- [What the exercise asks]: Retype precisely the section of the data that starts at the line containing "by rewrite !mulmxA" and runs to its final line, ends included.

- [Provided information]:

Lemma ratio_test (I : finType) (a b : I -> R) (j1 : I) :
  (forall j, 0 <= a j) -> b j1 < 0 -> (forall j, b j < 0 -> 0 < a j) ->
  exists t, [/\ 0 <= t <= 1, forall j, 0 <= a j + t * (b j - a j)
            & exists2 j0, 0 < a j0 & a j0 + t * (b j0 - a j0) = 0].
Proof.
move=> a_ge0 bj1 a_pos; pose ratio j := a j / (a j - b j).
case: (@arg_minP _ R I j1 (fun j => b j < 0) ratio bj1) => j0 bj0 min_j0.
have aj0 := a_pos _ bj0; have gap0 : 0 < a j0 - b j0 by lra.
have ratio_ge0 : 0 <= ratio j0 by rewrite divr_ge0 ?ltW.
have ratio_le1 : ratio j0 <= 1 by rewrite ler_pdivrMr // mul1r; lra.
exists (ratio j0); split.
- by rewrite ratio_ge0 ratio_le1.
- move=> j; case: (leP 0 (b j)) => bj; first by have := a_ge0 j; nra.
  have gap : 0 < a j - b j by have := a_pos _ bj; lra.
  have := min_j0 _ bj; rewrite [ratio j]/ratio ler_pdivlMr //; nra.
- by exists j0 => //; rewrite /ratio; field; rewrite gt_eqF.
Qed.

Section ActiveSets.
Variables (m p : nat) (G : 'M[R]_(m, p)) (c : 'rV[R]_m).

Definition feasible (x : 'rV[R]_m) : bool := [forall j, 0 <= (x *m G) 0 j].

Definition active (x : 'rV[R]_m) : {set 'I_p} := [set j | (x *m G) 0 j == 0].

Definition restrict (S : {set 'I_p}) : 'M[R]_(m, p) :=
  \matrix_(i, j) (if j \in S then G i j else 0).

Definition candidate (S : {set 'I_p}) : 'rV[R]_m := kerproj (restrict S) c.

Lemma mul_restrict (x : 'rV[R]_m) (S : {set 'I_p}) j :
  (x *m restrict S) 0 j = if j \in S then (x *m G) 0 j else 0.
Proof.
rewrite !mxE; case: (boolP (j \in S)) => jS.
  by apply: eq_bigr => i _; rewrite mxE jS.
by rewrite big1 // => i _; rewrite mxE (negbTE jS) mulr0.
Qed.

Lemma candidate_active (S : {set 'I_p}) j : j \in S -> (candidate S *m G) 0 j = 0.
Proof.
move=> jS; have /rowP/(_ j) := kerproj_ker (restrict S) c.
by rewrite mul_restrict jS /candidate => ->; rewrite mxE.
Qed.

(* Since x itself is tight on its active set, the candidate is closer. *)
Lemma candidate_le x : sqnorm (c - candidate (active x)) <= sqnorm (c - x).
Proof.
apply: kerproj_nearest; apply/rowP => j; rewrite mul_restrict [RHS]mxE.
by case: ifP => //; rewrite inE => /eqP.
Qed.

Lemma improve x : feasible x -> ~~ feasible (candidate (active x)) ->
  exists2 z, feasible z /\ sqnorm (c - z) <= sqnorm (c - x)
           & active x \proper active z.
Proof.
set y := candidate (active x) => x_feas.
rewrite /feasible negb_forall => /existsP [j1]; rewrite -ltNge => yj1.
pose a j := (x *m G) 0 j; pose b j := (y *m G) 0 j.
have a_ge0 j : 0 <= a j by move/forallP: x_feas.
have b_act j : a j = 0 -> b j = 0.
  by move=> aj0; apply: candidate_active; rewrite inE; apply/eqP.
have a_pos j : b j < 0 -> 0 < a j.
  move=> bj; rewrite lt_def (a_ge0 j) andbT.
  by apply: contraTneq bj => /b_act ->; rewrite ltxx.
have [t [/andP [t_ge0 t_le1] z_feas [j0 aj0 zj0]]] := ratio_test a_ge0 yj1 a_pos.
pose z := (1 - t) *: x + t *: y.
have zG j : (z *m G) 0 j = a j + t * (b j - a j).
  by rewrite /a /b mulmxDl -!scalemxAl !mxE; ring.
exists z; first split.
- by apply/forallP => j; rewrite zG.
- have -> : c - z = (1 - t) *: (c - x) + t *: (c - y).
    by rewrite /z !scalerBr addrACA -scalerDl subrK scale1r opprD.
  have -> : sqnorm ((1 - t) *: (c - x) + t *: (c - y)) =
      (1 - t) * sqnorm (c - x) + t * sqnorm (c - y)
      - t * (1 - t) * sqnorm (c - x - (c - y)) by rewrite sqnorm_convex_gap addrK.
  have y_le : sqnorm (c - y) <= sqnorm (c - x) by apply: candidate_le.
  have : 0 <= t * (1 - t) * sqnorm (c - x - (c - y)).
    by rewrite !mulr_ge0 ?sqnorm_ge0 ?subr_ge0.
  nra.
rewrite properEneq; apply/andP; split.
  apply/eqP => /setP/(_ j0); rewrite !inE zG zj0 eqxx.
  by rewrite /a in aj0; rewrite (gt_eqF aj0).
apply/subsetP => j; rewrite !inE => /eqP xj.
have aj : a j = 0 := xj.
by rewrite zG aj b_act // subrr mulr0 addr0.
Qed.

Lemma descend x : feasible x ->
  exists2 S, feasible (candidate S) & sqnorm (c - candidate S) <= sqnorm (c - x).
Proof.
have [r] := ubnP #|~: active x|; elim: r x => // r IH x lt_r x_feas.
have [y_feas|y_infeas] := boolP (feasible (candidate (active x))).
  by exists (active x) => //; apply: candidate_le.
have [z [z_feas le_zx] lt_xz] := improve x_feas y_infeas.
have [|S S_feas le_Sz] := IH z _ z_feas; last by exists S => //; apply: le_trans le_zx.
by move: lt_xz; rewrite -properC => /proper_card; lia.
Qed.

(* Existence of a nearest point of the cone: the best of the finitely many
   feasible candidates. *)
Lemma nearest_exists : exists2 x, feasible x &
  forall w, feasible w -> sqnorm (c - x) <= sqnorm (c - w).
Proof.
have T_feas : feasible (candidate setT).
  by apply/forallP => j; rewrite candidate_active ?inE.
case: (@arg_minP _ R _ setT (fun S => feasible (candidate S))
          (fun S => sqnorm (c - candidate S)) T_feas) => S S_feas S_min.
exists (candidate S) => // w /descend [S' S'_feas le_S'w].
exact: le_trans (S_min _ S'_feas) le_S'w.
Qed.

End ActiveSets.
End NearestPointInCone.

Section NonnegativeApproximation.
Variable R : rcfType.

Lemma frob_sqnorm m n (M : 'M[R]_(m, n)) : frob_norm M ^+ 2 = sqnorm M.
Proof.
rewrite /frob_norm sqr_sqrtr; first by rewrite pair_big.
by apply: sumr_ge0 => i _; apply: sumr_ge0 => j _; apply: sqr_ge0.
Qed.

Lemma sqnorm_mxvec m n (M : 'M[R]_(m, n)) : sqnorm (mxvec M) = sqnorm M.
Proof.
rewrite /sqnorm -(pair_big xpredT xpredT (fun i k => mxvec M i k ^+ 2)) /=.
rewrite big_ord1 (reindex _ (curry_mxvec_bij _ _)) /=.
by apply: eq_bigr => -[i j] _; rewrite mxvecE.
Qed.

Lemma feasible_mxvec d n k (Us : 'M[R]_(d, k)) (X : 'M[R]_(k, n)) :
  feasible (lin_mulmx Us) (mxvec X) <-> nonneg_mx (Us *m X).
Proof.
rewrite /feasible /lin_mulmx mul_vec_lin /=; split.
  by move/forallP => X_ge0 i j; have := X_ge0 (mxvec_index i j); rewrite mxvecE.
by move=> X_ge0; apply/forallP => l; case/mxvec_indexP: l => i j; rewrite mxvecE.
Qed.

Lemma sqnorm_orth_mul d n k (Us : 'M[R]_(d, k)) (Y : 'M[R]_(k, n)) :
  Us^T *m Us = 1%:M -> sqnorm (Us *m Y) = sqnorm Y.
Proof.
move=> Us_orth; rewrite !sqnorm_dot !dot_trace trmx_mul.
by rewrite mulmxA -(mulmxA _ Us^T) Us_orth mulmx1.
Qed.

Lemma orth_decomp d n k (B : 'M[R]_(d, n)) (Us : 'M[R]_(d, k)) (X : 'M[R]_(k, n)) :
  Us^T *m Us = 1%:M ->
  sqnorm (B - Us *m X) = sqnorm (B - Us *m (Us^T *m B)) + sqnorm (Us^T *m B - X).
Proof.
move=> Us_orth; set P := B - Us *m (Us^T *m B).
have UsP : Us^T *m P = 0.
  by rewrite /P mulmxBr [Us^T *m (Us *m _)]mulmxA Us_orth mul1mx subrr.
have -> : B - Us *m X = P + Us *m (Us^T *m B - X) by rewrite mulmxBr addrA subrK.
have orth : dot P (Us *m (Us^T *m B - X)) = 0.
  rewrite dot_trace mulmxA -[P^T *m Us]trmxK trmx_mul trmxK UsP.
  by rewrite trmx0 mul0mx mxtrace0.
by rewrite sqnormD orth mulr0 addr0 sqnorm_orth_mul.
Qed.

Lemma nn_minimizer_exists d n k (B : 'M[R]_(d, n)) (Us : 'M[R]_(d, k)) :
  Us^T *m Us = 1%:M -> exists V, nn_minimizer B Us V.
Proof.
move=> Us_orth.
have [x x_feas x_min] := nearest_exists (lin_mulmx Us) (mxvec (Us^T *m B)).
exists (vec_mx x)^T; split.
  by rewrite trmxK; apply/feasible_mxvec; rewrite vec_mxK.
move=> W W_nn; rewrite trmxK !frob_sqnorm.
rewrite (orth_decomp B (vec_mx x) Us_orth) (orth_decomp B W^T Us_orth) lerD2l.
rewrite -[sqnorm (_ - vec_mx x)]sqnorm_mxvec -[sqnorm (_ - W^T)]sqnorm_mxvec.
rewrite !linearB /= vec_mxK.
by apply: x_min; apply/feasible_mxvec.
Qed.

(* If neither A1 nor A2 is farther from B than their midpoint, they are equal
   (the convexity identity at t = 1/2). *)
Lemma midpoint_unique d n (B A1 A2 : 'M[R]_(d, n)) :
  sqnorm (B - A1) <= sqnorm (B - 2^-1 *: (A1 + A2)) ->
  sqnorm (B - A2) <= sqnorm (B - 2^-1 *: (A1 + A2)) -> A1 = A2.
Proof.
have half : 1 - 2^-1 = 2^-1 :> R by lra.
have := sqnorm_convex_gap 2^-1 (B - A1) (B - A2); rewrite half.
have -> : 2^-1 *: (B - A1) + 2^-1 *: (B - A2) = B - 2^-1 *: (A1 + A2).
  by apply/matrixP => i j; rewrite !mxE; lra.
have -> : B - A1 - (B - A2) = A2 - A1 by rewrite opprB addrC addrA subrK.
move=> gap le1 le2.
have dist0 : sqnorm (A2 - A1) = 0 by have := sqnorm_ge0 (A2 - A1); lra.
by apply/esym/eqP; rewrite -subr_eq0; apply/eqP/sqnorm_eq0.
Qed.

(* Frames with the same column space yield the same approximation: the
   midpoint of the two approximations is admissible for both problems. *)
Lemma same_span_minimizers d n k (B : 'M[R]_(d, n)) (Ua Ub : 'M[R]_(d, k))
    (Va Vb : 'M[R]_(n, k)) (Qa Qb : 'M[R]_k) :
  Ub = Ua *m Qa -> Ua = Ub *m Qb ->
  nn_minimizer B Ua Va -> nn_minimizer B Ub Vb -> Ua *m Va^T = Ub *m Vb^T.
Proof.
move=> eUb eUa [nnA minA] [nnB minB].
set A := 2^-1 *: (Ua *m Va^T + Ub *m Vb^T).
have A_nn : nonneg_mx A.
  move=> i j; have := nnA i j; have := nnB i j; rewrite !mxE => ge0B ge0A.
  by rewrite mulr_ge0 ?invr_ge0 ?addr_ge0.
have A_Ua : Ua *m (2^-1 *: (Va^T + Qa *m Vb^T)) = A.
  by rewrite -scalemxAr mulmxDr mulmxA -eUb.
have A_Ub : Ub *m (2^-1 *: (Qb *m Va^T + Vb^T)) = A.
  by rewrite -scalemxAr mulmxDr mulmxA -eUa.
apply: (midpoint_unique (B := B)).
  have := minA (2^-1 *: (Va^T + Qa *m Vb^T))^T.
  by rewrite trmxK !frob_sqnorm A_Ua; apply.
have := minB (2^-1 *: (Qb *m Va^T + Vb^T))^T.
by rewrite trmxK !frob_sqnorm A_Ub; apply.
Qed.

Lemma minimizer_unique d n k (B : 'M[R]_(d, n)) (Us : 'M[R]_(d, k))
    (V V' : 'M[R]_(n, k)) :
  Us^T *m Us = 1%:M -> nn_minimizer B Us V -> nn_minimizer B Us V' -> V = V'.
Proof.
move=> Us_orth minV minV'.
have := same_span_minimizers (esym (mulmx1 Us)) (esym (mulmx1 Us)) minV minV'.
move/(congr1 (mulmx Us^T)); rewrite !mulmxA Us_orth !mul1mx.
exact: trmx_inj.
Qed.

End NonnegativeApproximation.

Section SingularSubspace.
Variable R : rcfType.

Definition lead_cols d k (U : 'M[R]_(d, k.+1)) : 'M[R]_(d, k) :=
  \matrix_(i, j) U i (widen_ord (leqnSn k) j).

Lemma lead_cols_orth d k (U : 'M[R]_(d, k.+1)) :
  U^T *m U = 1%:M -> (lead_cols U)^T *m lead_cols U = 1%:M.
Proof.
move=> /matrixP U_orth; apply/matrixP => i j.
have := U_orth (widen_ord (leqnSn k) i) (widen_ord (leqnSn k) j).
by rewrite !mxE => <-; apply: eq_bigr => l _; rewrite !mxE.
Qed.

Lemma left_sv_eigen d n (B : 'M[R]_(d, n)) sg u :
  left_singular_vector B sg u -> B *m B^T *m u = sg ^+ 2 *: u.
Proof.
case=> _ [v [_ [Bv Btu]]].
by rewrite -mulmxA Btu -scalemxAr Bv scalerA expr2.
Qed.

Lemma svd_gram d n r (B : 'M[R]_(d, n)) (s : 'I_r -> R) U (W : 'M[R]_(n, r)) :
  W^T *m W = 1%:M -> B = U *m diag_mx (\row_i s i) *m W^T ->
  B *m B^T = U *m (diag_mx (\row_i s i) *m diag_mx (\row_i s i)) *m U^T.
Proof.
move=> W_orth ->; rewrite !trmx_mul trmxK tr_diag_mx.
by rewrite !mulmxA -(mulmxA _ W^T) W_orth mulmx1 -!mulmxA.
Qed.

- [Reply]:
by rewrite !mulmxA -(mulmxA _ W^T) W_orth mulmx1 -!mulmxA.
Qed.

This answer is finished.